EXERCISE DIRECTIONS: Return each line of the entries that holds the string "Variables".

ENTRIES SUPPLIED:
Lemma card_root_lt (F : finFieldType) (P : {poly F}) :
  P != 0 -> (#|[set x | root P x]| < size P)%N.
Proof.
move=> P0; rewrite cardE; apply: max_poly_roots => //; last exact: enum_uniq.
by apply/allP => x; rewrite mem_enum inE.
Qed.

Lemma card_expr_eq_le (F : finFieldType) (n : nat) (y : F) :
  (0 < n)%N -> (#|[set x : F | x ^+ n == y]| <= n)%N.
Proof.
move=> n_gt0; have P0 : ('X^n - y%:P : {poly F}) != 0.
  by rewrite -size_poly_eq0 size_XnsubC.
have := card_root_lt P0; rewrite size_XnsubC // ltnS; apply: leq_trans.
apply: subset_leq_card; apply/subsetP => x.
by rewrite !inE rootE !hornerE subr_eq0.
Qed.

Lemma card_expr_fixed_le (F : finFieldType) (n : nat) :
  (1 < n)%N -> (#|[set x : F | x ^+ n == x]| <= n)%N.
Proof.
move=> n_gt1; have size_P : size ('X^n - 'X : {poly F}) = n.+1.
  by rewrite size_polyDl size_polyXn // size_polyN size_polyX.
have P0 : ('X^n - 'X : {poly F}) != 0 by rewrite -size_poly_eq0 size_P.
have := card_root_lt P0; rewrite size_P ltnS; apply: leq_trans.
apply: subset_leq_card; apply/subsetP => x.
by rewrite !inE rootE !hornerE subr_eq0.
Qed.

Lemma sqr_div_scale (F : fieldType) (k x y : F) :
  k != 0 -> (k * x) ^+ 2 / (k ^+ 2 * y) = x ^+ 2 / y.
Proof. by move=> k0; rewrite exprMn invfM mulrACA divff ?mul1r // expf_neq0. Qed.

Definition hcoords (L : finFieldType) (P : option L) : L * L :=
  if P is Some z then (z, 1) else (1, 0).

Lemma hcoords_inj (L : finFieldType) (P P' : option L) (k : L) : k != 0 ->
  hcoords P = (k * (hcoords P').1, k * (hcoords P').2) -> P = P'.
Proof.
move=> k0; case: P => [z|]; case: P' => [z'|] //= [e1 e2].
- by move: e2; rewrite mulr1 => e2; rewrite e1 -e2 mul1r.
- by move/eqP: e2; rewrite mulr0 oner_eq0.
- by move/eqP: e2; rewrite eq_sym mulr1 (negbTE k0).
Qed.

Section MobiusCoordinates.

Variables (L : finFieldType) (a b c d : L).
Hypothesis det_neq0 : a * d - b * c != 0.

...

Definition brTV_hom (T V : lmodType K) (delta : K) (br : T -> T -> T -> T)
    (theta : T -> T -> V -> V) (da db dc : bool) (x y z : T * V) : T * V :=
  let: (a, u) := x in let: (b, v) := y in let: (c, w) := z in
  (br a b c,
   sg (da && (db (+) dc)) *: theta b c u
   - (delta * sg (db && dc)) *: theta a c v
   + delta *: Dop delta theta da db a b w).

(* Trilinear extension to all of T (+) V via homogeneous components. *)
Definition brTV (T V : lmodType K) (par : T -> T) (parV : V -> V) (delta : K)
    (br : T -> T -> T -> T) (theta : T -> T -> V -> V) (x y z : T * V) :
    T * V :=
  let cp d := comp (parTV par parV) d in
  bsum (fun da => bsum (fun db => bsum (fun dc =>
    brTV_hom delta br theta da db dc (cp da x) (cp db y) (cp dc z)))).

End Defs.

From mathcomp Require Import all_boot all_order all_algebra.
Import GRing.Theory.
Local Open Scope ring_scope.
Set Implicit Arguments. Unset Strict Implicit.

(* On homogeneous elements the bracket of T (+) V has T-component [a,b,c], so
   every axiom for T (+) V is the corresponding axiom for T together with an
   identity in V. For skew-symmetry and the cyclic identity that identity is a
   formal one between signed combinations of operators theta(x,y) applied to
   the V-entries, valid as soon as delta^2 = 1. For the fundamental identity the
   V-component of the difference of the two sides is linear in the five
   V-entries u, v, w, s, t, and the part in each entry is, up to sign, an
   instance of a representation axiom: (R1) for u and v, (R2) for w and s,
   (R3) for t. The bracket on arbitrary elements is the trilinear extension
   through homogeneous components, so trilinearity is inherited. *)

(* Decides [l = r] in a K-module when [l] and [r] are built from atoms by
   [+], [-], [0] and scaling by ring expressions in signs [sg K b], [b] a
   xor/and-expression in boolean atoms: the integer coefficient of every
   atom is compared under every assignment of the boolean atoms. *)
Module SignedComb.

...

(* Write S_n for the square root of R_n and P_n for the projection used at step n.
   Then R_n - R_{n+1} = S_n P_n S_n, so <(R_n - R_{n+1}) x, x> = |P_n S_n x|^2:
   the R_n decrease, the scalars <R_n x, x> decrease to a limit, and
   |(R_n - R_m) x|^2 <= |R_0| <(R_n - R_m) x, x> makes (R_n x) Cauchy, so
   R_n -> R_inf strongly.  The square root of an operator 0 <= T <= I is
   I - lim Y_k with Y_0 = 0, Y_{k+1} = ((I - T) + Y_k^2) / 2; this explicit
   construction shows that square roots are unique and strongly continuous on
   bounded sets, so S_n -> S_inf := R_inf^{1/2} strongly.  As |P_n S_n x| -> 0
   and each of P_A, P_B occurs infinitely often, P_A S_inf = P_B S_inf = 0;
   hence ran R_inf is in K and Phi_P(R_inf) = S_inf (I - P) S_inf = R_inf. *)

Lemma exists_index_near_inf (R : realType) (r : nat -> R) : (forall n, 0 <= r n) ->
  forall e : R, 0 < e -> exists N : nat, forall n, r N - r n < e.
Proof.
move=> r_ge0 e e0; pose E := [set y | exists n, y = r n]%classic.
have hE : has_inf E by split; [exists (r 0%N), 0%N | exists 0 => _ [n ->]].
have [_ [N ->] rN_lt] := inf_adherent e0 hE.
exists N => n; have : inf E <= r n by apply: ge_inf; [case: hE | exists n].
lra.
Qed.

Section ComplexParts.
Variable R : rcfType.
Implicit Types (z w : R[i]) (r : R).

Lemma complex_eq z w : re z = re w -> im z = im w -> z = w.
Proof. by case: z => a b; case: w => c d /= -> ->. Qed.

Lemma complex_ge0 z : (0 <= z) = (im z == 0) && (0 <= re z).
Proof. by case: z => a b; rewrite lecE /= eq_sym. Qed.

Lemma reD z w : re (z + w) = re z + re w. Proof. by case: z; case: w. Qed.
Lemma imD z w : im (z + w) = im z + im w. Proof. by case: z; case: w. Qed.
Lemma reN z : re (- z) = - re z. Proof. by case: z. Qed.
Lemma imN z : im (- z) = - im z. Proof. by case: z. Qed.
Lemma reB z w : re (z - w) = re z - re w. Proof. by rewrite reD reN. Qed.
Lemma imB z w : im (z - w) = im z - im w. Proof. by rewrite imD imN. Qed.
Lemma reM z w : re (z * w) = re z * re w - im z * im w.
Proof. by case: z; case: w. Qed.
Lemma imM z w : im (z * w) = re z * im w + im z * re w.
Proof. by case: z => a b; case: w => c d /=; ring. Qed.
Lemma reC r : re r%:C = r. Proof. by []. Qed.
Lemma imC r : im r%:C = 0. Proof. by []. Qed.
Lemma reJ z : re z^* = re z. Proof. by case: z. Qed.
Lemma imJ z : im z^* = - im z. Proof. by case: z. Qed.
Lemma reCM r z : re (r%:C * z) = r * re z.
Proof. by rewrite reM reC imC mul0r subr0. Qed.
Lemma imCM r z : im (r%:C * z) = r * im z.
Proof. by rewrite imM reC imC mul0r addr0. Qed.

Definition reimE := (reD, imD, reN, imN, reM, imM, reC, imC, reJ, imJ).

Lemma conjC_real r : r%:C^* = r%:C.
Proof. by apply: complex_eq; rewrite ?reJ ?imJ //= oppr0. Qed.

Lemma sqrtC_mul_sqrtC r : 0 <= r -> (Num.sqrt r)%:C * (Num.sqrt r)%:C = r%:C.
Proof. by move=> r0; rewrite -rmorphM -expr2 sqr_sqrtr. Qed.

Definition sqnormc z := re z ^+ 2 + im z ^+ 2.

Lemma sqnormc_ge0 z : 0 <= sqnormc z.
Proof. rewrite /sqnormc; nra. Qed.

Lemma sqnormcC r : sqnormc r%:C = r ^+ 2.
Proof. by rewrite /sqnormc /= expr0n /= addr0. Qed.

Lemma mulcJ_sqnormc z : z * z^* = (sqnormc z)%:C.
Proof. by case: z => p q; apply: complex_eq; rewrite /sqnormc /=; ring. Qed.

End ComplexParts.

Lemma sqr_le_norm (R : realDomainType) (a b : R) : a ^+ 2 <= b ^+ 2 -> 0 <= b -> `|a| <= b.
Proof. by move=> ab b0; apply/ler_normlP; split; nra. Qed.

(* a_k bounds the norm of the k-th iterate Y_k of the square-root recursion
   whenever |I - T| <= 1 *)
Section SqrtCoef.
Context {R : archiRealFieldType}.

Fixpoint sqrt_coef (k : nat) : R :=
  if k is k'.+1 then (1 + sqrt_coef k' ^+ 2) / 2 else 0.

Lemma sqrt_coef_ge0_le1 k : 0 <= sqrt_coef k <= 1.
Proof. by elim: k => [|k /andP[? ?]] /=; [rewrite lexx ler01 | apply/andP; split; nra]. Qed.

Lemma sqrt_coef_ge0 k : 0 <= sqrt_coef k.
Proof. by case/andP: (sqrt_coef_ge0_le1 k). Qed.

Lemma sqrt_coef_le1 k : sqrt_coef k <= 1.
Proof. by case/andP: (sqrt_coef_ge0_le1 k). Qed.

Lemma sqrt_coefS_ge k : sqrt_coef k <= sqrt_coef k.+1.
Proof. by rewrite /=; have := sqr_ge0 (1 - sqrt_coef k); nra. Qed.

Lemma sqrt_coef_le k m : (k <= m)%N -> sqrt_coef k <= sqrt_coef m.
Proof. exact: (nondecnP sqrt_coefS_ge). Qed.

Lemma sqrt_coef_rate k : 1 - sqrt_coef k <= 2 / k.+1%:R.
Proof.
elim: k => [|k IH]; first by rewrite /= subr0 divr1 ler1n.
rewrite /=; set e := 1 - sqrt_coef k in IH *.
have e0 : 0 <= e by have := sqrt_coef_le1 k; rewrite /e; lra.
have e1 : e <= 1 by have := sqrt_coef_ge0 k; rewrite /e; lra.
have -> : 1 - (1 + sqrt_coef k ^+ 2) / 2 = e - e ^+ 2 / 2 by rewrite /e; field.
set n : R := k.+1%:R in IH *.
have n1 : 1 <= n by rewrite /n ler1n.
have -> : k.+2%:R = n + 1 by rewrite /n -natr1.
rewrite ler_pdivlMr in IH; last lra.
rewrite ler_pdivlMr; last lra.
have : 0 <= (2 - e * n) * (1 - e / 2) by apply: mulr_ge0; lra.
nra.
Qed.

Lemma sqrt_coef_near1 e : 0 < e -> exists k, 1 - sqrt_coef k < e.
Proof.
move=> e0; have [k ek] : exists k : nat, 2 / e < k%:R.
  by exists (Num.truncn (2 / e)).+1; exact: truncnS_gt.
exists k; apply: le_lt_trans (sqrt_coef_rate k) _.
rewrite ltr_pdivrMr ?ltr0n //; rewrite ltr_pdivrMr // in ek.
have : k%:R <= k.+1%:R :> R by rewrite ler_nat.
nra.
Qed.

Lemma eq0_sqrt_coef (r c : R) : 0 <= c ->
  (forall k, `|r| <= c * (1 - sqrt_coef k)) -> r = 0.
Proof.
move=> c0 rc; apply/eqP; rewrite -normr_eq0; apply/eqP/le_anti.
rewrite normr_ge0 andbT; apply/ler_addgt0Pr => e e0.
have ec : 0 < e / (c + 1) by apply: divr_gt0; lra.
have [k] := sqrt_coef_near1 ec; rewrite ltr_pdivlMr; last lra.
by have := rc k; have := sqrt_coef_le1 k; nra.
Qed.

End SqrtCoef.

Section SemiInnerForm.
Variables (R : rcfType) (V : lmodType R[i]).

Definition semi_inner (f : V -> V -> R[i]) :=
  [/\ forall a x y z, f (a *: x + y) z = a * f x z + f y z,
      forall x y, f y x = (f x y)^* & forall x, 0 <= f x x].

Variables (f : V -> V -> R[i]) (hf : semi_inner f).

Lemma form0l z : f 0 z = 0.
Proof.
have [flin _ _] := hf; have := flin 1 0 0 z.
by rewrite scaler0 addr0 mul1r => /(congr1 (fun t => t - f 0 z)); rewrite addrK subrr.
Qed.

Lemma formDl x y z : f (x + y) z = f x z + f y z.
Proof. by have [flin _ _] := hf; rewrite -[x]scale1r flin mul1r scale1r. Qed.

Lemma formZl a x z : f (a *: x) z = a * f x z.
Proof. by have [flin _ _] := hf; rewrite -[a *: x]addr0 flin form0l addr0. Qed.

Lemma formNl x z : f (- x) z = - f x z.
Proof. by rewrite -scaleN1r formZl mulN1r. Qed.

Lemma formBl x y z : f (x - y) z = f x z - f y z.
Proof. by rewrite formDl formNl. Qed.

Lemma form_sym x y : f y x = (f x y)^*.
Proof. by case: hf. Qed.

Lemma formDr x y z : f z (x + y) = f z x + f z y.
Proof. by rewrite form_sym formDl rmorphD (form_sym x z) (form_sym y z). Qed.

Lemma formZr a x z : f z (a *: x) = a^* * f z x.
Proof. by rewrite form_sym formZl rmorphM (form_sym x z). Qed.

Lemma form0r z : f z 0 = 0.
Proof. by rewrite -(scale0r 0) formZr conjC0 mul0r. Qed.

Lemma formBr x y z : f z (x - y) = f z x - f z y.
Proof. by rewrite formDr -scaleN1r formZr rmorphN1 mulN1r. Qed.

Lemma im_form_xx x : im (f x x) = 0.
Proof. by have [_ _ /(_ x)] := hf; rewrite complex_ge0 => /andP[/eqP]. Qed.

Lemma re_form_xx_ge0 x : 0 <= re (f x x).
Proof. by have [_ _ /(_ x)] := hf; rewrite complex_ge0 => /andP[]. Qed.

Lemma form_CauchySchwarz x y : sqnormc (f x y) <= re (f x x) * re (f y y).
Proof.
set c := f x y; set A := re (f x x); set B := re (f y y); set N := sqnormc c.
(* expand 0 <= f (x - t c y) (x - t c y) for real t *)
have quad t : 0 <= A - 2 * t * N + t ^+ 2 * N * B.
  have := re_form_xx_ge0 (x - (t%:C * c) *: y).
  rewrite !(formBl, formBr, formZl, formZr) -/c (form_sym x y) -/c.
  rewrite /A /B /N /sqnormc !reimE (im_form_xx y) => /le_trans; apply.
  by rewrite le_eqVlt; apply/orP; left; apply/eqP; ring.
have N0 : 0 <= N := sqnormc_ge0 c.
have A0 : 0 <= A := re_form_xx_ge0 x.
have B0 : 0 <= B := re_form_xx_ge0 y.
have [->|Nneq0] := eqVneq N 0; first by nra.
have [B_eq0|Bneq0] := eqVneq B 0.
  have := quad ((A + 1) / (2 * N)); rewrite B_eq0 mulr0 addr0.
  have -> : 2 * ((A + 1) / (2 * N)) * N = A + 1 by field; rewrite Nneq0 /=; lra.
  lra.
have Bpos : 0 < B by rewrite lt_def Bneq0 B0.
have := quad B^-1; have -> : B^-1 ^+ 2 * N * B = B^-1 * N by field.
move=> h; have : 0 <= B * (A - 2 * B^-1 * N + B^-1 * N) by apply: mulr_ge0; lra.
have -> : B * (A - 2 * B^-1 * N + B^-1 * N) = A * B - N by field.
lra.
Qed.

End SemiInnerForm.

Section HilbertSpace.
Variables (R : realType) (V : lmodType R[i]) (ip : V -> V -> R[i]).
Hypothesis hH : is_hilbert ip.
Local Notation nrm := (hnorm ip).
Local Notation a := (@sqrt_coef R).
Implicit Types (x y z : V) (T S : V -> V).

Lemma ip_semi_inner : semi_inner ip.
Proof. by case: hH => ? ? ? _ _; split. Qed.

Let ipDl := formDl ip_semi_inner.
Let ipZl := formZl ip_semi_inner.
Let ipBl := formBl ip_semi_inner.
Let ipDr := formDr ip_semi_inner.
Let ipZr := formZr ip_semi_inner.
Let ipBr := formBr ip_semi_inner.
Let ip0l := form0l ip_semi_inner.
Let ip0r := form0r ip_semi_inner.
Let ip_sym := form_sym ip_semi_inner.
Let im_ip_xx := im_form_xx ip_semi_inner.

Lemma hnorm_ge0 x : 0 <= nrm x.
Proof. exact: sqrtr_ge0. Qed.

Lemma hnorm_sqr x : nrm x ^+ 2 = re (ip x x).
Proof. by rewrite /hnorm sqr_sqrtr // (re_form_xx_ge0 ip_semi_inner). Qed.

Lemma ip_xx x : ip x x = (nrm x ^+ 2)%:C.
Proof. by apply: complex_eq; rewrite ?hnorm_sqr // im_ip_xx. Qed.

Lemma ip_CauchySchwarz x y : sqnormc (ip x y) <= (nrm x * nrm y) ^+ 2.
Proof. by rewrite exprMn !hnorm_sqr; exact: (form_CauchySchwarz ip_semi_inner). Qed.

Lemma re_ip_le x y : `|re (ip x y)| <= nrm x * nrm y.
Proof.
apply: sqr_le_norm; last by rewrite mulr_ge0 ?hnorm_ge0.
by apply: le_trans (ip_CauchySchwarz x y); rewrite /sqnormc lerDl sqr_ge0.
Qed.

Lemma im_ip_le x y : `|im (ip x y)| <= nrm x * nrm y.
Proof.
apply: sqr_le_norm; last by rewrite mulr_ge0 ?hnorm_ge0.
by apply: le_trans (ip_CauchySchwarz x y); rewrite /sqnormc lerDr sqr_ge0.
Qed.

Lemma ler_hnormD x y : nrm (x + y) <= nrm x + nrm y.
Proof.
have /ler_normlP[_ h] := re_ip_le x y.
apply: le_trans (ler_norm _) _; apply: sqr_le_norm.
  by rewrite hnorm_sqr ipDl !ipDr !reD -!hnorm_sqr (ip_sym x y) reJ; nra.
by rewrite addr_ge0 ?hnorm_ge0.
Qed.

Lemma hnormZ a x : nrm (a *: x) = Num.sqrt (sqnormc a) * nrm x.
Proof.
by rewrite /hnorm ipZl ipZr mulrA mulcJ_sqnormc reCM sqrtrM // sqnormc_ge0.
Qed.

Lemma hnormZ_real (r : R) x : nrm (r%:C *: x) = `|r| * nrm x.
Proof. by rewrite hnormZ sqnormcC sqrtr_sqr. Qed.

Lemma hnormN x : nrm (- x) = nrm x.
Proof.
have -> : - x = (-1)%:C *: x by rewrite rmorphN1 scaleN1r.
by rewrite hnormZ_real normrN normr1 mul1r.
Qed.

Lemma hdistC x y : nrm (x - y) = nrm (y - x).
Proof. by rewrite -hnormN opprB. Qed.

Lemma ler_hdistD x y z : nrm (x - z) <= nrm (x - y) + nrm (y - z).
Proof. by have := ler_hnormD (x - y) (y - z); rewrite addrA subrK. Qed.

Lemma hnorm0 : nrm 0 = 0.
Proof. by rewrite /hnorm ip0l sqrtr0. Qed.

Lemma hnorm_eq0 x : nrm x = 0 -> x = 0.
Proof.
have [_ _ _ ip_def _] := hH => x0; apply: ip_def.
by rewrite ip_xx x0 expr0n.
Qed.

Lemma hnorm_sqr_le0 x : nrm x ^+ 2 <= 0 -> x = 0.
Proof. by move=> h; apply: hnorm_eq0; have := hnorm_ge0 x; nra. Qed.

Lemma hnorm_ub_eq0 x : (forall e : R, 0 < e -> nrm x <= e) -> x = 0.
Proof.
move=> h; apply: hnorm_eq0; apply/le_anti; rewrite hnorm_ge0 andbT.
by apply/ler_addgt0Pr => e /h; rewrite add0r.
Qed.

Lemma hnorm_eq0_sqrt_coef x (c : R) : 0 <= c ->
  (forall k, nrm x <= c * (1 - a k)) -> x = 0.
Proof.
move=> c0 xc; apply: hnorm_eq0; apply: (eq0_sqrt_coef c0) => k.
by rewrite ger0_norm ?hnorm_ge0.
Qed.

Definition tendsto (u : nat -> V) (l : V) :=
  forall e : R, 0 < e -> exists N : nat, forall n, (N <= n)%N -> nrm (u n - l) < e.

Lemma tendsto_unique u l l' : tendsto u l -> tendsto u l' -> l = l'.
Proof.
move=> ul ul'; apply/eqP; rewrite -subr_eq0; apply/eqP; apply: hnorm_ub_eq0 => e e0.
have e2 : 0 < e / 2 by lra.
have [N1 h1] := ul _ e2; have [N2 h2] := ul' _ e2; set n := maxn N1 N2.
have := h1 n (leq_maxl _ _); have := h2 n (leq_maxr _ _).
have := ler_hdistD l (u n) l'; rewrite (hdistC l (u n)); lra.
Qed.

ANSWER AREA:
Variables (L : finFieldType) (a b c d : L).
Variables (R : rcfType) (V : lmodType R[i]).
Variables (f : V -> V -> R[i]) (hf : semi_inner f).
Variables (R : realType) (V : lmodType R[i]) (ip : V -> V -> R[i]).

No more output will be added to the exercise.